*WHAT IS BEING ASKED*
Repeat exactly the lines of the entries below from the one with "Lemma Bh_mass (e" through the one with "have S1 : \sum_(0", both ends included, and nothing else.

★ ★ ★ ★

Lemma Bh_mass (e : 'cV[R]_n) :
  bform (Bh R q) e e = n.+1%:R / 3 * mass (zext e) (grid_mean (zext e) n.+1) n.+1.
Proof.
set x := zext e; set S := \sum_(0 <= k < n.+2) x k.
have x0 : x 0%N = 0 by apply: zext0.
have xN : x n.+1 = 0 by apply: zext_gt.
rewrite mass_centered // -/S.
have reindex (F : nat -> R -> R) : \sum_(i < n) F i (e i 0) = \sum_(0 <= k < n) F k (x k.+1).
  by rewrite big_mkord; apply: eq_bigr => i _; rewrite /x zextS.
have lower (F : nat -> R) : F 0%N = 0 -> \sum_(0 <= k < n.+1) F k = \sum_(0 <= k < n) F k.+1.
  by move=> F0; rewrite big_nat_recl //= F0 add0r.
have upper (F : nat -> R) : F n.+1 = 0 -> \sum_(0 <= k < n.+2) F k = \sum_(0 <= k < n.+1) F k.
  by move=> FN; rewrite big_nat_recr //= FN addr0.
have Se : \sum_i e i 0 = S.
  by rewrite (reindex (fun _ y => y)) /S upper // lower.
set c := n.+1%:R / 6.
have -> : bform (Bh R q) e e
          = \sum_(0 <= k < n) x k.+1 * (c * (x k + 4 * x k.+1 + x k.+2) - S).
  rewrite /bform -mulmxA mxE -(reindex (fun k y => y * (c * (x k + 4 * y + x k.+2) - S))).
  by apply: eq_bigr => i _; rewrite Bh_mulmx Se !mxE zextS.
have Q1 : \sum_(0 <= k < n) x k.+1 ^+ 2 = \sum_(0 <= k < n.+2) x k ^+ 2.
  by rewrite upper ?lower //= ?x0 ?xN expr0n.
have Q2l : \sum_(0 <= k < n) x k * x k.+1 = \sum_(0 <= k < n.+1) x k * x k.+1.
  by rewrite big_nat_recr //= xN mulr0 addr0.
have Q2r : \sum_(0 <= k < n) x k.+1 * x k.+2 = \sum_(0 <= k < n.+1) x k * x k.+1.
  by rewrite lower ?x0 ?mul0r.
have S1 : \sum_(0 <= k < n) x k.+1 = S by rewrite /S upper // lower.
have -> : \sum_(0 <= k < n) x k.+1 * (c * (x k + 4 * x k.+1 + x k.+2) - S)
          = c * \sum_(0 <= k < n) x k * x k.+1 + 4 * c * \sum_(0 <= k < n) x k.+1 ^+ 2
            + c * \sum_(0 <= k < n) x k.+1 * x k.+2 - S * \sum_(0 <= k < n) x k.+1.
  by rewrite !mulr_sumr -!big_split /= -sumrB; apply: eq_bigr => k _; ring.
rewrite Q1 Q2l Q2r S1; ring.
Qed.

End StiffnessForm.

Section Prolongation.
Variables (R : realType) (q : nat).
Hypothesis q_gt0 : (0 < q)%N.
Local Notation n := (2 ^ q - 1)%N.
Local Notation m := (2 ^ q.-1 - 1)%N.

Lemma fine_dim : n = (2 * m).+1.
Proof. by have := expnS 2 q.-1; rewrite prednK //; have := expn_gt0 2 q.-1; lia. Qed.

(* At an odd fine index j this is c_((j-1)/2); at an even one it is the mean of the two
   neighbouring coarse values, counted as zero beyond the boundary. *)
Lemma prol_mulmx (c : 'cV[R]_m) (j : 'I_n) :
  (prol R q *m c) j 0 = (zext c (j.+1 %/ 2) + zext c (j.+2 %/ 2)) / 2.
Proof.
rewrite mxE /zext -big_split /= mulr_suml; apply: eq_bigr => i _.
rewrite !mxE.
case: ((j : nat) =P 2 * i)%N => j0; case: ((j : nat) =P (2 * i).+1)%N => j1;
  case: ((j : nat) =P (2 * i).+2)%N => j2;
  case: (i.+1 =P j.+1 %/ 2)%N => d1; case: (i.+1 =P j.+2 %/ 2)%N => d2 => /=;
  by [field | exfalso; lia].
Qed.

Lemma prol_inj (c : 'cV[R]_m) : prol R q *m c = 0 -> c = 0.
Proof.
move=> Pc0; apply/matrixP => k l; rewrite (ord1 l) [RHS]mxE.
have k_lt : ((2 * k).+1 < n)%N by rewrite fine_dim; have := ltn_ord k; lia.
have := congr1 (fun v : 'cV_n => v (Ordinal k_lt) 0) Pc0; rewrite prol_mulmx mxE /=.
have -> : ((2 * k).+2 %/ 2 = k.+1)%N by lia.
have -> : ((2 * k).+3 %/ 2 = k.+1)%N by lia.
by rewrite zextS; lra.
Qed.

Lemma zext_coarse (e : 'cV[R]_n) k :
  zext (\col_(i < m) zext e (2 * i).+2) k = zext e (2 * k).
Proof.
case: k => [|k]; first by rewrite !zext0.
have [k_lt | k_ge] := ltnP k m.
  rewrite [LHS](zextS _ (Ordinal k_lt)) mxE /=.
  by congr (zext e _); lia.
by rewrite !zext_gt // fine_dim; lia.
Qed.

★ ★ ★ ★

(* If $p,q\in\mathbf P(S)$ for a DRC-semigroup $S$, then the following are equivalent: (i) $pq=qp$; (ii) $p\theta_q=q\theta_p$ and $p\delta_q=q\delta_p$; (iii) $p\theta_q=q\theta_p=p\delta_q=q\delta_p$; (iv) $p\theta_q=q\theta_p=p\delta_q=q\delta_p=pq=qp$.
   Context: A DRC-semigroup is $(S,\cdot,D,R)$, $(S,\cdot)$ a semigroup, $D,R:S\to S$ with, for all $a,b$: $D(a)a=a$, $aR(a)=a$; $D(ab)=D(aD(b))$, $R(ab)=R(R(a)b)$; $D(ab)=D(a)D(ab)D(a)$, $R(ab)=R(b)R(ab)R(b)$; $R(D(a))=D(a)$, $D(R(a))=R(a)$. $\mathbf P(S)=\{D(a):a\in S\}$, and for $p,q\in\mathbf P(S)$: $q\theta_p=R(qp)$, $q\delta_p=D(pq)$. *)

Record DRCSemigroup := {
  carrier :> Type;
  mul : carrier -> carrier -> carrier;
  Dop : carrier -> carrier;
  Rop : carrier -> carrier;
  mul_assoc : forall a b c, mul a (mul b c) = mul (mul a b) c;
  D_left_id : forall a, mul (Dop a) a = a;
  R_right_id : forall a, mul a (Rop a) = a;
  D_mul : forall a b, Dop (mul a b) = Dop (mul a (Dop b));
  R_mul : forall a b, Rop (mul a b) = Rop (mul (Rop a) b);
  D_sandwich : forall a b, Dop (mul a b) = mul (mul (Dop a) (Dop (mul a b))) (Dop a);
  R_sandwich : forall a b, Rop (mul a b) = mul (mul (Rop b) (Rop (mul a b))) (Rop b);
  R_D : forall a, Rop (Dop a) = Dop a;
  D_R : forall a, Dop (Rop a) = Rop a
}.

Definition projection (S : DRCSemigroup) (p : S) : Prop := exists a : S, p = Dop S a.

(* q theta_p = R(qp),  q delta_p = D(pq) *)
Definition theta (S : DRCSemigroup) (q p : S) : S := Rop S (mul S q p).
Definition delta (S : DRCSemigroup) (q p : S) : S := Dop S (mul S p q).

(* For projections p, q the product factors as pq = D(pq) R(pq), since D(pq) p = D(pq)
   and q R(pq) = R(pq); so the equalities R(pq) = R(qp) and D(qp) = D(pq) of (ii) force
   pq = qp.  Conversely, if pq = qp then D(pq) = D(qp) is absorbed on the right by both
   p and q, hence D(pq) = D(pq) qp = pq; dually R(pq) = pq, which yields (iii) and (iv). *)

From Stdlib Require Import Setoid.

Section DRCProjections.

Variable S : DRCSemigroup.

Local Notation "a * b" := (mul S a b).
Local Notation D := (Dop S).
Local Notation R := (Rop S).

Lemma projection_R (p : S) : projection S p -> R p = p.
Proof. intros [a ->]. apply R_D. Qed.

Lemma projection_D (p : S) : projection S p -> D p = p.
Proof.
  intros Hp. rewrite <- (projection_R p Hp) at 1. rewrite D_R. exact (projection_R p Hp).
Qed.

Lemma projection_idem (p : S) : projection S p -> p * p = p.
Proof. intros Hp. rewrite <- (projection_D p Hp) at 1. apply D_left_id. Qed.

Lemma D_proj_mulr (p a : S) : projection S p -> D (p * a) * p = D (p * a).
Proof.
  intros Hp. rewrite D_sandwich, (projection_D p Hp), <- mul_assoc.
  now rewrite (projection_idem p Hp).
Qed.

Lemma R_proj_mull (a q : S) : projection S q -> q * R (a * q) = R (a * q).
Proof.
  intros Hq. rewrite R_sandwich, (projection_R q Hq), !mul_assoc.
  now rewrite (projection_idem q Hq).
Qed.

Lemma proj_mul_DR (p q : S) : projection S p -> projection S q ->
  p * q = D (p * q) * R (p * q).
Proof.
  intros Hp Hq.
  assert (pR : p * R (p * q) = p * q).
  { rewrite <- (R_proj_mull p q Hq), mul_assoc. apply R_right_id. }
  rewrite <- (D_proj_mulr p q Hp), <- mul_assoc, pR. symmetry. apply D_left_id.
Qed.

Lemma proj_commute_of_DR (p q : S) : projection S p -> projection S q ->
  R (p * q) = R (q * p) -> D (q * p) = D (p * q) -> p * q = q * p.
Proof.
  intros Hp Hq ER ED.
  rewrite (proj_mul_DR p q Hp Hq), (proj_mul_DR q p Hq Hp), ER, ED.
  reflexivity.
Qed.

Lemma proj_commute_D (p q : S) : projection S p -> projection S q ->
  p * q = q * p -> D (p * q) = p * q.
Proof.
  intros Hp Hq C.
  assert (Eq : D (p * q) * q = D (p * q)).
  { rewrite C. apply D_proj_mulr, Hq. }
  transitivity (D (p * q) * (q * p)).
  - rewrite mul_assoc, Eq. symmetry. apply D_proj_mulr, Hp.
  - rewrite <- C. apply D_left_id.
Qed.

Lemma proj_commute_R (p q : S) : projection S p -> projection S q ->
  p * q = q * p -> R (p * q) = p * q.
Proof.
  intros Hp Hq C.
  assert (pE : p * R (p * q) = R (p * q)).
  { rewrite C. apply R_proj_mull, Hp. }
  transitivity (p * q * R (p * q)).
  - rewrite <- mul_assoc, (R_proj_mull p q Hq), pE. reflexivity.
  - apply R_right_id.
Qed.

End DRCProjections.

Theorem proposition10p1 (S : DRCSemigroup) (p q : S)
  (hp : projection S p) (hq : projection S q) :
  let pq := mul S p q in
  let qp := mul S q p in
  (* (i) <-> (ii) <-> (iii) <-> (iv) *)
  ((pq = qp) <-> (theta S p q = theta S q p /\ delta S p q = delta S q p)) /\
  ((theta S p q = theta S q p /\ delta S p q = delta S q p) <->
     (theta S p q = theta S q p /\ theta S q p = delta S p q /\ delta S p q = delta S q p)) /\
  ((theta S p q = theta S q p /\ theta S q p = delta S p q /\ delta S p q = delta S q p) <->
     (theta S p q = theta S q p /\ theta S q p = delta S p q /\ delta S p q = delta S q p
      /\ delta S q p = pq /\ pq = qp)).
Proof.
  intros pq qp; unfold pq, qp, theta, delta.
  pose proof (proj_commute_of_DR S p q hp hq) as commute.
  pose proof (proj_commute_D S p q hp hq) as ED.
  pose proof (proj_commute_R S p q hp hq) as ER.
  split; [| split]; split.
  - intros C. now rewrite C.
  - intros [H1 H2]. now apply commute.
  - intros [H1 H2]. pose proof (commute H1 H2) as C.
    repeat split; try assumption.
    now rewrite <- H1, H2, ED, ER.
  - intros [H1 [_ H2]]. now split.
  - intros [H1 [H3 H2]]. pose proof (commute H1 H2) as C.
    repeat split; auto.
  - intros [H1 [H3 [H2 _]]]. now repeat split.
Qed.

★ ★ ★ ★

*SOLUTION TO THE EXERCISE*
Lemma Bh_mass (e : 'cV[R]_n) :
  bform (Bh R q) e e = n.+1%:R / 3 * mass (zext e) (grid_mean (zext e) n.+1) n.+1.
Proof.
set x := zext e; set S := \sum_(0 <= k < n.+2) x k.
have x0 : x 0%N = 0 by apply: zext0.
have xN : x n.+1 = 0 by apply: zext_gt.
rewrite mass_centered // -/S.
have reindex (F : nat -> R -> R) : \sum_(i < n) F i (e i 0) = \sum_(0 <= k < n) F k (x k.+1).
  by rewrite big_mkord; apply: eq_bigr => i _; rewrite /x zextS.
have lower (F : nat -> R) : F 0%N = 0 -> \sum_(0 <= k < n.+1) F k = \sum_(0 <= k < n) F k.+1.
  by move=> F0; rewrite big_nat_recl //= F0 add0r.
have upper (F : nat -> R) : F n.+1 = 0 -> \sum_(0 <= k < n.+2) F k = \sum_(0 <= k < n.+1) F k.
  by move=> FN; rewrite big_nat_recr //= FN addr0.
have Se : \sum_i e i 0 = S.
  by rewrite (reindex (fun _ y => y)) /S upper // lower.
set c := n.+1%:R / 6.
have -> : bform (Bh R q) e e
          = \sum_(0 <= k < n) x k.+1 * (c * (x k + 4 * x k.+1 + x k.+2) - S).
  rewrite /bform -mulmxA mxE -(reindex (fun k y => y * (c * (x k + 4 * y + x k.+2) - S))).
  by apply: eq_bigr => i _; rewrite Bh_mulmx Se !mxE zextS.
have Q1 : \sum_(0 <= k < n) x k.+1 ^+ 2 = \sum_(0 <= k < n.+2) x k ^+ 2.
  by rewrite upper ?lower //= ?x0 ?xN expr0n.
have Q2l : \sum_(0 <= k < n) x k * x k.+1 = \sum_(0 <= k < n.+1) x k * x k.+1.
  by rewrite big_nat_recr //= xN mulr0 addr0.
have Q2r : \sum_(0 <= k < n) x k.+1 * x k.+2 = \sum_(0 <= k < n.+1) x k * x k.+1.
  by rewrite lower ?x0 ?mul0r.
have S1 : \sum_(0 <= k < n) x k.+1 = S by rewrite /S upper // lower.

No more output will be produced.